Warning of "cultural desert" as music sales fall
“New licensing deals help push digital music sales to 27% of global revenues - but piracy is damaging investment in artists”
- Global digital music trade revenues reach US$4.2 billion, up 12% in 2009
- 400 services licensed worldwide by music companies with ISPs, mobile and other partners
- New figures show local music collapsing in major markets as piracy bites into releases, sales and investment in France, Spain and Brazil
- IFPI Digital Music Report highlights urgent need for legislation to curb digital piracy on ISP networks
More than a quarter of all recorded music industry revenues worldwide are now coming from digital channels, as music companies license music in partnership with ISPs and mobile operators, subscription services, streaming sites and hundreds of download stores.
However, despite the continuing growth of the digital music business - with trade revenues up 12% to an estimated US$4.2 billion in 2009 - illegal file-sharing and other forms of online piracy are eroding investment and sales of local music in major markets.
In particular, three countries known for the historic vibrancy and influence of their music and musicians - Spain, France, Brazil - are suffering acutely, with local artist album sales or the number of releases plummeting.
Governments are gradually moving towards legislation requiring ISPs to curb digital piracy.
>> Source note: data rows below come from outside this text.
Lemma nonmaximal_clique_extends (C : {set T}) :
  is_clique e C -> ~ maximal_clique e C ->
  exists2 v, v \notin C & is_clique e (v |: C).
Proof.
move=> cC nmC; apply: NNPP => noext; apply: nmC; split => // B cB sCB.
apply/eqP; rewrite eqEsubset sCB andbT; apply/subsetP => v vB.
apply/negPn/negP => vC; apply: noext; exists v => //.
by apply: clique_subset cB _; rewrite subUset sub1set vB sCB.
Qed.

(* The CIS property, read contrapositively: no stable set dominates a maximal
   clique, because it extends to a maximal stable set which must meet it. *)
Lemma CIS_no_dominating_stable (C S : {set T}) :
  CIS e -> maximal_clique e C -> is_stable e S ->
  (forall x, x \in C -> exists2 y, y \in S & e x y) -> False.
Proof.
move=> cis mC stS dom.
have [S' /maxsetP [/stableP stS' maxS'] sSS'] :=
  maxset_exists (introT (stableP e S) stS).
have mS' : maximal_stable e S'.
  by split => // B stB; apply: maxS'; apply/stableP.
have [x /setIP [xC xS']] := cis C mC S' mS'.
have [y yS exy] := dom x xC.
by move: (stS' x y xS' (subsetP sSS' y yS)); rewrite exy.
Qed.

Lemma diamond_free_clique_neighbour (C : {set T}) x a b z :
  diamond_free e -> is_clique e C -> x \notin C ->
  a \in C -> b \in C -> a != b -> e x a -> e x b -> z \in C -> e x z.
Proof.
move=> df cC xC aC bC ab xa xb zC.
have [-> //|za] := eqVneq z a; have [-> //|zb] := eqVneq z b.
apply/negPn/negP => xz; apply: df; exists x, z, a, b.
have out y : y \in C -> x != y by move=> yC; apply: contraNneq xC => ->.
rewrite /= !inE !negb_or !out // za zb ab xz xa xb /=.
by rewrite (cC z a) // (cC z b) // (cC a b).
Qed.

Lemma maximal_clique_one_neighbour (C : {set T}) x a b :
  symmetric e -> diamond_free e -> maximal_clique e C -> x \notin C ->
  a \in C -> b \in C -> e x a -> e x b -> a = b.
Proof.
move=> sym df [cC maxC] xC aC bC xa xb; apply/eqP/negPn/negP => ab.
have xCl : is_clique e (x |: C).
  by apply: clique_add => // z; apply: diamond_free_clique_neighbour ab xa xb.
by move: xC; rewrite -(maxC _ xCl (subsetUr _ _)) setU11.
Qed.

Lemma extender_adj (C : {set T}) v z :
  v \notin C -> is_clique e (v |: C) -> z \in C -> e v z.
Proof.
move=> vC cvC zC; apply: cvC; rewrite ?setU11 ?in_setU1 ?zC ?orbT //.
by apply: contraNneq vC => ->.
Qed.

Lemma connect_exit (A : {set T}) x y :
  connect e x y -> x \in A -> y \notin A ->
  exists u v, [/\ u \in A, v \notin A & e u v].
Proof.
case/connectP => p; elim: p x => [|z p IHp] x /=; first by move=> _ -> ->.
case/andP => exz pz ey xA yA.
have [zA|zA] := boolP (z \in A); first exact: IHp pz ey zA yA.
by exists x, z.
Qed.

End CliquesInGraphs.

Lemma ord_avoid2 n (a b : 'I_n) : 3 <= n -> exists c : 'I_n, (c != a) && (c != b).
Proof.
move=> n3; have : ~~ ([set: 'I_n] \subset [set a; b]).
  apply: contraTN n3 => /subset_leq_card; rewrite cardsT card_ord cards2 -ltnNge.
  by move/leq_ltn_trans; apply; case: (a != b).
by case/subsetPn => c _; rewrite !inE negb_or; exists c.
Qed.

(* A permutation with fewest matched positions k != p has none: otherwise
   composing it with a transposition of such a k and an index k' outside
   {p, k} (here n >= 3 is used) strictly decreases their number. *)
Lemma perm_avoiding_matching n (F : rel 'I_n) (p q : 'I_n) : 3 <= n ->
  (forall k c c', F k c -> F k c' -> c = c') ->
  (forall k k' c, F k c -> F k' c -> k = k') ->
  exists t : {perm 'I_n}, t p = q /\ forall k, k != p -> ~~ F k (t k).
Proof.
move=> n3 Fr Fc.
pose bad (t : {perm 'I_n}) := [set k | (k != p) && F k (t k)].
have [t /eqP tp minbad] :=
  @arg_minnP _ (tperm p q) (fun t => t p == q) (fun t => #|bad t|)
    (introT eqP (tpermL p q)).
exists t; split => // k kp; apply/negP => Fk.
have kb : k \in bad t by rewrite inE kp Fk.
have [k' /andP [k'p k'k]] := ord_avoid2 p k n3.
pose t' := (tperm k k' * t)%g.
have t'p : t' p == q by rewrite /t' permM tpermD ?tp.
have sub : bad t' \subset bad t :\ k.
  apply/subsetP => x; rewrite !inE /t' permM => /andP [xp Fx].
  have [xk|xk] := eqVneq x k.
    move: Fx; rewrite xk tpermL => /(Fr _ _ _ Fk) /perm_inj ek.
    by rewrite ek eqxx in k'k.
  have [xk'|xk'] := eqVneq x k'.
    move: Fx; rewrite xk' tpermR => /(Fc _ _ _ Fk) ek.
    by rewrite ek eqxx in k'k.
  by rewrite tpermD 1?eq_sym // in Fx; rewrite xp Fx.
have := leq_trans (minbad _ t'p) (subset_leq_card sub).
by rewrite (cardsD1 k) kb ltnn.
Qed.

Section RookGrid.

Variables (T : finType) (e : rel T) (n : nat) (h : 'I_n * 'I_n -> T).
Hypotheses (sym : symmetric e) (irr : irreflexive e) (n3 : 3 <= n)
  (hinj : injective h)
  (hadj : forall p q : 'I_n * 'I_n, p != q ->
      e (h p) (h q) = (p.1 == q.1) || (p.2 == q.2)).

Definition grid : {set T} := [set h p | p : 'I_n * 'I_n].

Lemma grid_mem p : h p \in grid.
Proof. exact: imset_f. Qed.

Lemma grid_nadj k c k' c' : k != k' -> c != c' -> ~~ e (h (k, c)) (h (k', c')).
Proof.
move=> kk cc; rewrite hadj /= ?(negbTE kk) ?(negbTE cc) //.
by rewrite xpair_eqE (negbTE kk).
Qed.

Lemma grid_adj_row k c c' : c != c' -> e (h (k, c)) (h (k, c')).
Proof. by move=> cc; rewrite hadj /= ?eqxx // xpair_eqE negb_and cc orbT. Qed.

Lemma grid_adj_col k k' c : k != k' -> e (h (k, c)) (h (k', c)).
Proof. by move=> kk; rewrite hadj /= ?eqxx ?orbT // xpair_eqE negb_and kk. Qed.

Lemma mem_row k c i : (h (k, c) \in row_set h i) = (k == i).
Proof. by apply/imsetP/eqP => [[c' _ /hinj [-> _]] //|->]; exists c. Qed.
Lemma sigma_cylinder_measurable : <<s cylinder >> `<=` measurable.
Proof.
exact: smallest_sub (sigma_algebra_measurable T) cylinder_measurable.
Qed.

Lemma indep_sigma_cylinder B0 (E : set Tcyl) : measurable B0 -> <<s cylinder >> E ->
  P (X i @^-1` B0 `&` E) = (P (X i @^-1` B0) * P E)%E.
Proof.
move=> mB0; have mA : measurable (X i @^-1` B0) := measurable_funPTI (X i) mB0.
have finA : P (X i @^-1` B0) \is a fin_num := fin_num_measure P _ mA.
move: E; apply: (@dynkin_induction _ Tcyl cylinder
  (fun E => P (X i @^-1` B0 `&` E) = (P (X i @^-1` B0) * P E)%E)) => //.
- by rewrite setIT probability_setT mule1.
- by move=> E; apply: indep_cylinder.
- move=> S mS HS; have mST : measurable (S : set T) := sigma_cylinder_measurable mS.
  rewrite -setDE (measureD mA mST) ?HS ?probability_setC //; last first.
    by rewrite ltey_eq finA.
  by rewrite muleBr ?mule1 //; congr (_ - _)%E; exact: HS.
- move=> F mF tF HF.
  have mFT n : measurable (F n : set T) := sigma_cylinder_measurable (mF n).
  have mAF n : [set: nat] n -> measurable (X i @^-1` B0 `&` F n).
    by move=> _; apply: measurableI.
  rewrite setI_bigcupr (measure_bigcup P _ _ mAF); last exact: trivIset_setIl.
  rewrite measure_bigcup // (eq_eseriesr (fun n _ => HF n)).
  by rewrite -(fineK finA) nneseriesZl // => n _; apply: measure_ge0.
Qed.

(* The identity of the sample space, seen as a map into the coarser
   measurable space Tcyl; its law is the restriction of P to sigma(X j, j in s). *)
Definition forget (w : T) : Tcyl := w.

Lemma measurable_forget : measurable_fun setT forget.
Proof. by move=> _ A mA; rewrite setTI; exact: sigma_cylinder_measurable. Qed.

HB.instance Definition _ := isMeasurableFun.Build _ _ _ _ forget measurable_forget.

Definition pair_obs (w : T) : (R * Tcyl)%type := (X i w, forget w).

Lemma measurable_pair_obs : measurable_fun setT pair_obs.
Proof. exact: measurable_fun_pair. Qed.

HB.instance Definition _ := isMeasurableFun.Build _ _ _ _ pair_obs measurable_pair_obs.

(* Independence as a statement about laws: the joint law of pair_obs is the
   product of the marginal laws; both measures agree on measurable rectangles,
   which form a pi-system generating the product sigma-algebra. *)
Lemma law_pair_obs (A : set (R * Tcyl)%type) : measurable A ->
  distribution P pair_obs A = (distribution P (X i) \x^ distribution P forget)%E A.
Proof.
move=> mA.
apply: (measure_unique [set A1 `*` A2 | A1 in measurable & A2 in measurable]
  (fun _ => setT)) => //.
- exact: measurable_prod_measurableType.
- move=> _ _ [A1 mA1 [A2 mA2 <-]] [B1 mB1 [B2 mB2 <-]]; rewrite -setXI.
  by exists (A1 `&` B1); [exact: measurableI | exists (A2 `&` B2) => //; exact: measurableI].
- by move=> _; exists setT => //; exists setT => //; rewrite setXTT.
- by rewrite bigcup_const.
- move=> _ [A1 mA1 [A2 mA2 <-]].
  change (P (X i @^-1` A1 `&` A2) =
    (distribution P (X i) \x^ distribution P forget)%E (A1 `*` A2)).
  by rewrite product_measure2E //; exact: indep_sigma_cylinder.
- move=> _; change (P (pair_obs @^-1` setT) < +oo)%E.
  by rewrite preimage_setT probability_setT ltry.
Qed.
But progress needs to be much quicker. In 2009, France, South Korea and Taiwan adopted new laws to address the crisis. Other governments, including the UK and New Zealand, have proposed new laws for adoption in 2010.
These are key highlights of the IFPI Digital Music Report, published today. The Report provides an overview of the music industry's changing business models, outlines the impact of digital piracy internationally, and reviews the efforts of governments to address it.